Vice-Chancellor of Sanchi University of Buddhist-Indic Studies
- Incumbent
- Assumed office 1 September 2026
- Preceded by: Shiv Shekhar Shukla

1st ICCR Chair at Lumbini Buddhist University
- In office 5 September 2023 – 30 Decmeber 2024

Personal details
- Born: 7 January 1960 (age 66) Madhubani, Bihar, India
- Spouse: Rekha Kumar
- Children: 2
- Education: Doctor of Philosophy (Buddhist Studies

= Bimalendra Kumar =

Prof. Bimalendra Kumar (विमलेन्द्र कुमार), is an Indian researcher, writer, author of publications who is the current Vice-Chancellor of Sanchi University of Buddhist-Indic Studies (SUBIS). He is also a professor in the department of Buddhist Studies at Lumbini Buddhist University and Banaras Hindu University.

== Education ==
Kumar did his M.A. in Buddhist Studies from Delhi University in 1985; he also got his M.Phil. from Delhi University in 1987. In 1990, Kumar completed his Ph.D. from Delhi University, Delhi. Kumar completed his M.A. in Pali from Magadh University, Bodhgaya, Gaya, in 1991.
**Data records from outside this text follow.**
Definition inf_divisible (g : nat -> R) : Prop :=
  forall n : nat, (1 <= n)%nat ->
    exists h : nat -> R, is_distr h /\ forall k, convpow h n k = g k.

Definition size_biased (g : nat -> R) (k : nat) : R := INR k * g k / mean g.

(* Law of sum_{k=1}^{gamma} xi_k with gamma, xi_1, xi_2, ... independent,
   gamma of law pg and the xi_k i.i.d. of law pxi. *)
Definition compound (pg pxi : nat -> R) (n : nat) : R :=
  Series (fun j => pg j * convpow pxi j n).

From Stdlib Require Import Reals Lra Lia Psatz.
From Coquelicot Require Import Coquelicot.
Open Scope R_scope.

(* Write [F s = (1 - pY(s)) / (pX(s) - s) = phi_Y(s) / (1 - phi_X(s))], with [phi] the
   generating function of the tails; the criticality condition makes [F] continuous at 1 with
   [F 1 = b1 / b2]. The stationary equation reads [h' = c F h] with [c = m0 b2 / b1], so an
   integrating factor shows that every C^1 solution with [h 1 = 1] is
   [ghat z = exp (- c int_z^1 F)].
   Since [1 / (1 - phi_X) = sum_j phi_X^j], the power series of [F] has nonnegative
   coefficients, hence so has [A z = c int_0^z F], and [ghat = exp (A z - A 1)] is the pgf of a
   compound Poisson law; replacing [c] by [c / n] gives its n-th convolution roots.
   Finally the size-biased law has pgf [z ghat'(z) / ghat'(1) = ghat z * z F(z) / F(1)], and
   [z F(z) / F(1) = z * Q*(z) * (1 - m) / (1 - m P*(z))] is the pgf of [1 + zeta + sum xi_k]. *)

Lemma PSeries_Series (a : nat -> R) (z : R) : PSeries a z = Series (fun k => a k * z ^ k).
Proof. apply Series_ext. intro k. unfold scal; simpl; unfold mult; simpl. ring. Qed.

Lemma is_series_mult_l (c : R) (a : nat -> R) (l : R) :
  is_series a l -> is_series (fun n => c * a n) (c * l).
Proof. apply (is_series_scal_l c a l). Qed.

Lemma sum_f_R0_le_mono (a : nat -> R) (n m : nat) :
  (forall k, 0 <= a k) -> (n <= m)%nat -> sum_f_R0 a n <= sum_f_R0 a m.
Proof. intros Ha H. induction H; [lra|]. simpl. specialize (Ha (S m)). lra. Qed.

Lemma ex_series_partial_bounded (a : nat -> R) (M : R) :
  (forall k, 0 <= a k) -> (forall N, sum_f_R0 a N <= M) -> ex_series a /\ Series a <= M.
Proof.
  intros Ha HM.
  destruct (growing_cv (sum_f_R0 a)) as [l Hl].
  - intro n. simpl. specialize (Ha (S n)). lra.
  - exists M. intros x [n ->]. apply HM.
  - assert (Hs : is_series a l) by (apply is_series_Reals; exact Hl).
    split; [exists l; exact Hs|].
    rewrite (is_series_unique a l Hs).
    apply Rnot_lt_le; intro H.
    destruct (Hl (l - M)) as [N HN]; [lra|].
    specialize (HN N (le_n _)). specialize (HM N). unfold R_dist in HN. apply Rabs_def2 in HN. lra.
Qed.

Lemma sum_f_R0_le_Series (a : nat -> R) (N : nat) :
  (forall k, 0 <= a k) -> ex_series a -> sum_f_R0 a N <= Series a.
Proof.
  intros Ha [l Hl]. rewrite (is_series_unique _ _ Hl).
  apply is_series_Reals in Hl.
  apply Rnot_lt_le; intro H.
  destruct (Hl (sum_f_R0 a N - l)) as [K HK]; [lra|].
  specialize (HK (max K N) (Nat.le_max_l _ _)).
  assert (sum_f_R0 a N <= sum_f_R0 a (max K N)) by (apply sum_f_R0_le_mono; auto; lia).
  unfold R_dist in HK. apply Rabs_def2 in HK. lra.
Qed.

Lemma Series_ge0 (a : nat -> R) : (forall k, 0 <= a k) -> ex_series a -> 0 <= Series a.
Proof.
  intros Ha He. pose proof (sum_f_R0_le_Series a 0 Ha He). simpl in H. specialize (Ha 0%nat). lra.
Qed.

Lemma term_le_Series (a : nat -> R) (n : nat) :
  (forall k, 0 <= a k) -> ex_series a -> a n <= Series a.
Proof.
  intros Ha He. apply Rle_trans with (sum_f_R0 a n); [|apply sum_f_R0_le_Series; auto].
  destruct n; simpl; [lra|]. pose proof (cond_pos_sum a n Ha). lra.
Qed.

Lemma is_series_finite (a : nat -> R) (N : nat) :
  (forall k, (N < k)%nat -> a k = 0) -> is_series a (sum_f_R0 a N).
Proof.
  intros H. apply is_series_Reals. intros eps Heps. exists N. intros n Hn.
  assert (E : sum_f_R0 a n = sum_f_R0 a N).
  { induction Hn; [reflexivity|]. simpl. rewrite IHHn, H by lia. ring. }
  rewrite E. unfold R_dist. rewrite Rminus_diag, Rabs_R0. auto.
Qed.

Lemma is_series_sum_f_R0 (a : nat -> nat -> R) (T : nat -> R) (N : nat) :
  (forall n, is_series (fun j => a j n) (T n)) ->
  is_series (fun j => sum_f_R0 (fun n => a j n) N) (sum_f_R0 T N).
Proof.
  intros H. induction N; simpl; [apply H|].
  apply (is_series_plus (fun j => sum_f_R0 (fun n => a j n) N) (fun j => a j (S N))); auto.
Qed.

Lemma is_series_swap_nonneg (a : nat -> nat -> R) (s : nat -> R) (S : R) :
  (forall j n, 0 <= a j n) -> (forall j, is_series (a j) (s j)) -> is_series s S ->
  (forall n, ex_series (fun j => a j n)) /\ is_series (fun n => Series (fun j => a j n)) S.
Proof.
  intros Ha Hs HS.
  assert (Hse : forall j, ex_series (a j)) by (intro j; exists (s j); auto).
  assert (HSS : Series s = S) by (apply is_series_unique; auto).
  assert (Hcol : forall n, ex_series (fun j => a j n)).
  { intro n. apply (ex_series_partial_bounded _ S); [intro; auto|]. intro J.
    apply Rle_trans with (sum_f_R0 s J).
    - apply sum_Rle. intros j _. rewrite <- (is_series_unique _ _ (Hs j)). apply term_le_Series; auto.
    - rewrite <- HSS. apply sum_f_R0_le_Series; [|exists S; auto].
      intro j. rewrite <- (is_series_unique _ _ (Hs j)). apply Series_ge0; auto. }
  split; auto.
  set (T := fun n => Series (fun j => a j n)).
  assert (HT : forall n, is_series (fun j => a j n) (T n)) by (intro n; apply Series_correct; auto).
  assert (HTnn : forall n, 0 <= T n) by (intro n; apply Series_ge0; auto).
  destruct (ex_series_partial_bounded T S HTnn) as [HTe HTS].
  { intro N. pose proof (is_series_sum_f_R0 a T N HT) as HW.
    rewrite <- (is_series_unique _ _ HW), <- HSS.
    apply Series_le; [|exists S; auto]. intro j. split; [apply cond_pos_sum; auto|].
    rewrite <- (is_series_unique _ _ (Hs j)). apply sum_f_R0_le_Series; auto. }
  assert (Hlow : Series s <= Series T).
  { apply ex_series_partial_bounded.
    - intro j. rewrite <- (is_series_unique _ _ (Hs j)). apply Series_ge0; auto.
    - intro J. pose proof (is_series_sum_f_R0 (fun n j => a j n) s J Hs) as HW.
      rewrite <- (is_series_unique _ _ HW).
      apply Series_le; auto. intro n. split; [apply cond_pos_sum; auto|].
      apply (sum_f_R0_le_Series (fun j => a j n)); auto. }
  replace S with (Series T) by lra. apply Series_correct; auto.
Qed.

Lemma pow_ge_Bernoulli (z : R) (N : nat) : 0 <= z <= 1 -> 1 - INR N * (1 - z) <= z ^ N.
Proof.
  intros Hz. induction N; [simpl; lra|].
  rewrite S_INR. simpl.
  pose proof (pow_le z N (proj1 Hz)). pose proof (pos_INR N).
  assert (z * (1 - INR N * (1 - z)) <= z * z ^ N) by (apply Rmult_le_compat_l; lra).
  assert (0 <= INR N * (1 - z) * (1 - z)) by (apply Rmult_le_pos; [apply Rmult_le_pos|]; lra).
  nra.
Qed.

Lemma pow_le_1 (z : R) (n : nat) : 0 <= z <= 1 -> z ^ n <= 1.
Proof. intros Hz. rewrite <- (pow1 n). apply pow_incr. lra. Qed.

Lemma pow_le_pow_01 (z : R) (k N : nat) : 0 <= z <= 1 -> (k <= N)%nat -> z ^ N <= z ^ k.
Proof.
  intros Hz H. replace N with (k + (N - k))%nat by lia. rewrite pow_add.
  pose proof (pow_le z k (proj1 Hz)). pose proof (pow_le_1 z (N - k) Hz). nra.
Qed.

Section NonnegPowerSeries.
Variable b : nat -> R.
Hypothesis Hb : forall k, 0 <= b k.

Lemma pow_mult_sum_le (z : R) (N : nat) : 0 <= z <= 1 ->
  z ^ N * sum_f_R0 b N <= sum_f_R0 (fun k => b k * z ^ k) N.
Proof.
  intros Hz. rewrite scal_sum. apply sum_Rle. intros k Hk.
  apply Rmult_le_compat_l; auto. apply pow_le_pow_01; auto.
Qed.

Lemma pow_term_bounds (z : R) (k : nat) : 0 <= z <= 1 -> 0 <= b k * z ^ k <= b k.
Proof.
  intros Hz. pose proof (pow_le_1 z k Hz). pose proof (Hb k). pose proof (pow_le z k (proj1 Hz)).
  split; nra.
Qed.

Lemma ex_series_pow_01 (z : R) : ex_series b -> 0 <= z <= 1 -> ex_series (fun k => b k * z ^ k).
Proof.
  intros He Hz. apply (@ex_series_le R_AbsRing R_CompleteNormedModule _ b); auto.
  intro n. change norm with Rabs. simpl. pose proof (pow_term_bounds z n Hz).
  rewrite Rabs_pos_eq; lra.
Qed.

Lemma Series_pow_le_Series (z : R) : ex_series b -> 0 <= z <= 1 ->
  Series (fun k => b k * z ^ k) <= Series b.
Proof. intros He Hz. apply Series_le; auto. intro n. apply pow_term_bounds; auto. Qed.

Lemma Series_pow_ge_partial (z : R) (N : nat) : ex_series b -> 0 <= z <= 1 ->
  sum_f_R0 b N - INR N * (1 - z) * sum_f_R0 b N <= Series (fun k => b k * z ^ k).
Proof.
  intros He Hz.
  replace (sum_f_R0 b N - INR N * (1 - z) * sum_f_R0 b N)
    with ((1 - INR N * (1 - z)) * sum_f_R0 b N) by ring.
  apply Rle_trans with (sum_f_R0 (fun k => b k * z ^ k) N).
  - apply Rle_trans with (z ^ N * sum_f_R0 b N); [|apply pow_mult_sum_le; auto].
    apply Rmult_le_compat_r; [apply cond_pos_sum; auto|apply pow_ge_Bernoulli; auto].
  - apply sum_f_R0_le_Series; [|apply ex_series_pow_01; auto].
    intro k. apply pow_term_bounds; auto.
Qed.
== Career and professional activites ==
Kumar began his career as a Lecturer in Indo-Tibetan Studies at Visva-Bharati University, Santiniketan, from 1991 to 1998, before joining Banaras Hindu University (BHU) in Varanasi as a Lecturer in Pali and Buddhist Studies in 1998; he progressed to Reader in 2004, Professor in 2008, and Senior Professor in 2018. He served as Head of the Department of Pali and Buddhist Studies at BHU for two terms (2010–2013 and 2019–2022) and superannuated from the position in January 2025, after which he was appointed Professor of Buddhist Studies at the Lumbini Research Centre, Lumbini Buddhist University, Nepal, in July 2025. From 2023 to 2024, he held the ICCR Ambedkar Chair of Buddhist Studies at Lumbini Buddhist University as a diplomatic assignment under the Indian Embassy in Kathmandu.Throughout his career, Kumar has supervised 35 PhD scholars and organized numerous seminars and conferences in India and Nepal, while serving on editorial boards of research journals and academic bodies such as the governing council of the Central Institute of Higher Tibetan Studies, Varanasi. His international engagements include academic visits to countries like Portugal, the United Kingdom, France, Thailand, Myanmar, Sri Lanka, Nepal, Vietnam, and China.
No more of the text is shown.